PROMPT: Below are the entries. Transcribe exactly the lines from the one with "vs) (BTuple bs)." through the one with "TSel (bs : list", ends included, and leave out all others.

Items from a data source

(* For all typing environments $\Theta,\Gamma$, processes $P$ and session types $S$: (1) if $\Theta\cdot\Gamma\vdash P:S$ is not derivable, then there is a failing derivation of $\Theta\cdot\Gamma\vdash P:S$; (2) if there is a failing derivation of $\Theta\cdot\Gamma\vdash P:S$, then $\Theta\cdot\Gamma\vdash P:S$ is not derivable.
   Context: Values $v$, value variables $x$, process variables $X$; $a$ ranges over values and value variables; boolean predicates $A$ are type-checked by standard rules. Processes: $P,Q ::= \triangleleft \mathtt{l}(a).P \mid \triangleright\{\mathtt{l}_i(x_i).P_i\}_{i\in I} \mid \mu_X.P \mid X \mid \mathsf{if}\ A\ \mathsf{then}\ P\ \mathsf{else}\ Q \mid \mathbf{0}$ (guarded recursion). Base types $\mathsf{B}$ ($\mathsf{Int},\mathsf{Str},\mathsf{Bool},\dots$, tuples). Session types $S ::= \oplus\{!\mathtt{l}_i(\mathsf{B}_i).S_i\}_{i\in I} \mid \&\{?\mathtt{l}_i(\mathsf{B}_i).S_i\}_{i\in I} \mid \mathsf{rec}\ X.S \mid X \mid \mathsf{end}$, $I\neq\emptyset$, labels pairwise distinct, guarded recursion, equi-recursive. Typing judgements $\Theta\cdot\Gamma\vdash P:S$ with $\Theta$ a partial map from process variables to session types and $\Gamma$ a partial map from value variables to base types; $\Gamma\vdash x:\mathsf{B}$ if $\Gamma(x)=\mathsf{B}$, $\Gamma\vdash v:\mathsf{B}$ if $v\in\mathsf{B}$. Derivability is by the rules: (tBra) if for all $i\in I$, $\Theta\cdot\Gamma,x_i:\mathsf{B}_i\vdash P_i:S_i$, then $\Theta\cdot\Gamma\vdash \triangleright\{\mathtt{l}_i(x_i).P_i\}_{i\in I\cup J} : \&\{?\mathtt{l}_i(\mathsf{B}_i).S_i\}_{i\in I}$; (tSel) if some $i\in I$ has $\mathtt{l}=\mathtt{l}_i$, $\Gamma\vdash a:\mathsf{B}_i$ and $\Theta\cdot\Gamma\vdash P:S_i$, then $\Theta\cdot\Gamma\vdash \triangleleft\mathtt{l}(a).P : \oplus\{!\mathtt{l}_i(\mathsf{B}_i).S_i\}_{i\in I}$; (tRec) $\Theta,X:S\cdot\Gamma\vdash P:S$ implies $\Theta\cdot\Gamma\vdash\mu_X.P:S$; (tPVar) $\Theta(X)=S$ implies $\Theta\cdot\Gamma\vdash X:S$; (tIf) $\Gamma\vdash A:\mathsf{Bool}$, $\Theta\cdot\Gamma\vdash P:S$, $\Theta\cdot\Gamma\vdash Q:S$ imply $\Theta\cdot\Gamma\vdash \mathsf{if}\ A\ \mathsf{then}\ P\ \mathsf{else}\ Q:S$; (tNil) $\Theta\cdot\Gamma\vdash\mathbf{0}:\mathsf{end}$. Rule function $\Phi$, mapping a judgement $J=\Theta\cdot\Gamma\vdash P:S$ to a set: $\Phi(J)=\{\Theta\cdot\Gamma,x_i:\mathsf{B}_i\vdash P_i:S_i\}_{i\in I}$ if $P=\triangleright\{\mathtt{l}_j(x_j).P_j\}_{j\in I\cup J'}$ and $S=\&\{?\mathtt{l}_i(\mathsf{B}_i).S_i\}_{i\in I}$ for some $I,J'$; $\Phi(J)=\{\Theta\cdot\Gamma\vdash P':S_i\}$ if $P=\triangleleft\mathtt{l}(a).P'$, $S=\oplus\{!\mathtt{l}_i(\mathsf{B}_i).S_i\}_{i\in I}$ and there is $i\in I$ with $\mathtt{l}=\mathtt{l}_i$ and $\Gamma\vdash a:\mathsf{B}_i$; $\Phi(J)=\{\Theta\cdot\Gamma\vdash P_1:S,\ \Theta\cdot\Gamma\vdash Q_1:S\}$ if $P=\mathsf{if}\ A\ \mathsf{then}\ P_1\ \mathsf{else}\ Q_1$ and $\Gamma\vdash A:\mathsf{Bool}$; $\Phi(J)=\{\Theta,X:S\cdot\Gamma\vdash P':S\}$ if $P=\mu_X.P'$; $\Phi(J)=\{\mathsf{tt}\}$ if $P=\mathbf{0}$ and $S=\mathsf{end}$, or if $P=X$ and $\Theta(X)=S$; $\Phi(J)=\emptyset$ in all other cases. A failing derivation of $\Theta\cdot\Gamma\vdash P:S$ is a finite sequence of judgements $(J_0,J_1,\dots,J_n)$, each of the form $\Theta_i\cdot\Gamma_i\vdash P_i:S_i$, such that $J_0=\Theta\cdot\Gamma\vdash P:S$, $J_i\in\Phi(J_{i-1})$ for all $i\in 1..n$, and $\Phi(J_n)=\emptyset$. *)

From Stdlib Require Import List String ZArith Bool PeanoNat.
Import ListNotations.
Set Implicit Arguments.

Definition label := nat.
Definition vvar := nat.
Definition pvar := nat.
Definition tvar := nat.   (* session-type recursion variables *)

Inductive base : Type :=
| BInt | BStr | BBool | BTuple (bs : list base).

Inductive value : Type :=
| VInt (z : Z) | VStr (s : string) | VBool (b : bool) | VTuple (vs : list value).

Inductive value_in : value -> base -> Prop :=
| vin_int z : value_in (VInt z) BInt
| vin_str s : value_in (VStr s) BStr
| vin_bool b : value_in (VBool b) BBool
| vin_tuple vs bs : Forall2 value_in vs bs -> value_in (VTuple vs) (BTuple bs).

Inductive atom : Type := AVal (v : value) | AVar (x : vvar).

Definition venv := vvar -> option base.
Definition vupd (G : venv) (x : vvar) (B : base) : venv :=
  fun y => if Nat.eqb y x then Some B else G y.

Inductive atom_ty (G : venv) : atom -> base -> Prop :=
| at_val v B : value_in v B -> atom_ty G (AVal v) B
| at_var x B : G x = Some B -> atom_ty G (AVar x) B.

(* Session types (syntax); equi-recursion is handled by unfolding below. *)
Inductive ty : Type :=
| TSel (bs : list (label * base * ty))   (* (+){ !l_i(B_i).S_i } *)
| TBra (bs : list (label * base * ty))   (* &{ ?l_i(B_i).S_i } *)
| TRec (X : tvar) (S : ty)
| TVar (X : tvar)
| TEnd.

Fixpoint tsubst (X : tvar) (T : ty) (S : ty) : ty :=
  match S with
  | TSel bs => TSel (map (fun b => let '(l, B, S') := b in (l, B, tsubst X T S')) bs)
  | TBra bs => TBra (map (fun b => let '(l, B, S') := b in (l, B, tsubst X T S')) bs)
  | TRec Y S' => if Nat.eqb X Y then TRec Y S' else TRec Y (tsubst X T S')
  | TVar Y => if Nat.eqb X Y then T else TVar Y
  | TEnd => TEnd
  end.
Lemma Ker_IdmT_dim_ge_succ (k : nat) (c : nat -> list Z) :
  (forall i, (i < k)%nat -> positive_cycle (c i)) ->
  (forall i j, (i < k)%nat -> (j < k)%nat -> i <> j -> ~ same_cycle (c i) (c j)) ->
  dim_ge (Ker IdmT) (S k).
Proof.
  intros hc hdist.
  (* the fixed point 0 adds the cycle [0] to the positive ones *)
  set (c' := fun i => if Nat.ltb i k then c i else (0%Z :: nil)).
  assert (Hzero_not_In : forall i, (i < k)%nat -> ~ In 0%Z (c i)).
  { intros i Hi Hin. destruct (hc i Hi) as [_ Hpos].
    rewrite Forall_forall in Hpos. specialize (Hpos _ Hin). lia. }
  apply (Ker_IdmT_dim_ge (S k) c').
  - intros i Hi. unfold c'. destruct (Nat.ltb_spec i k) as [Hik|Hik].
    + destruct (hc i Hik) as [Hcyc Hpos]. split; [exact Hcyc|].
      eapply Forall_impl; [|exact Hpos]. simpl. lia.
    + split; [split; [discriminate|]|constructor; [lia|constructor]].
      intros [|i'] Hi'; [reflexivity|simpl in Hi'; lia].
  - intros i j Hi Hj Hij. unfold c'.
    destruct (Nat.ltb_spec i k), (Nat.ltb_spec j k); try lia.
    + now apply hdist.
    + intros Hsame. apply (Hzero_not_In i); [assumption|]. apply Hsame. now left.
    + intros Hsame. apply (Hzero_not_In j); [assumption|]. apply Hsame. now left.
Qed.

Theorem mainTheorem8
  (B : (nat -> CC) -> (nat -> CC)) (hB : is_adjoint IdmT B)
  (k : nat) (c : nat -> list Z)
  (hc : forall i, (i < k)%nat -> positive_cycle (c i))
  (hd : forall i j, (i < k)%nat -> (j < k)%nat -> i <> j -> ~ same_cycle (c i) (c j)) :
  dim_infinite (Ker IdmT) \/
  exists n m : nat,
    dim_eq (Ker IdmT) n /\ dim_eq (Ker B) m /\ (k + m <= n)%nat.
Proof.
  destruct (classic (dim_infinite (Ker IdmT))) as [Hinf|Hfin]; [now left|right].
  destruct (dim_eq_of_not_dim_infinite _ Hfin) as [n Hn].
  exists n, 1%nat. split; [exact Hn|]. split; [exact (adjoint_Ker_dim_eq_1 B hB)|].
  rewrite Nat.add_1_r. exact (dim_ge_le_dim_eq _ _ _ Hn (Ker_IdmT_dim_ge_succ k c hc hd)).
Qed.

SOLUTION FOR THIS TASK:
| vin_tuple vs bs : Forall2 value_in vs bs -> value_in (VTuple vs) (BTuple bs).

Inductive atom : Type := AVal (v : value) | AVar (x : vvar).

Definition venv := vvar -> option base.
Definition vupd (G : venv) (x : vvar) (B : base) : venv :=
  fun y => if Nat.eqb y x then Some B else G y.

Inductive atom_ty (G : venv) : atom -> base -> Prop :=
| at_val v B : value_in v B -> atom_ty G (AVal v) B
| at_var x B : G x = Some B -> atom_ty G (AVar x) B.

(* Session types (syntax); equi-recursion is handled by unfolding below. *)
Inductive ty : Type :=
| TSel (bs : list (label * base * ty))   (* (+){ !l_i(B_i).S_i } *)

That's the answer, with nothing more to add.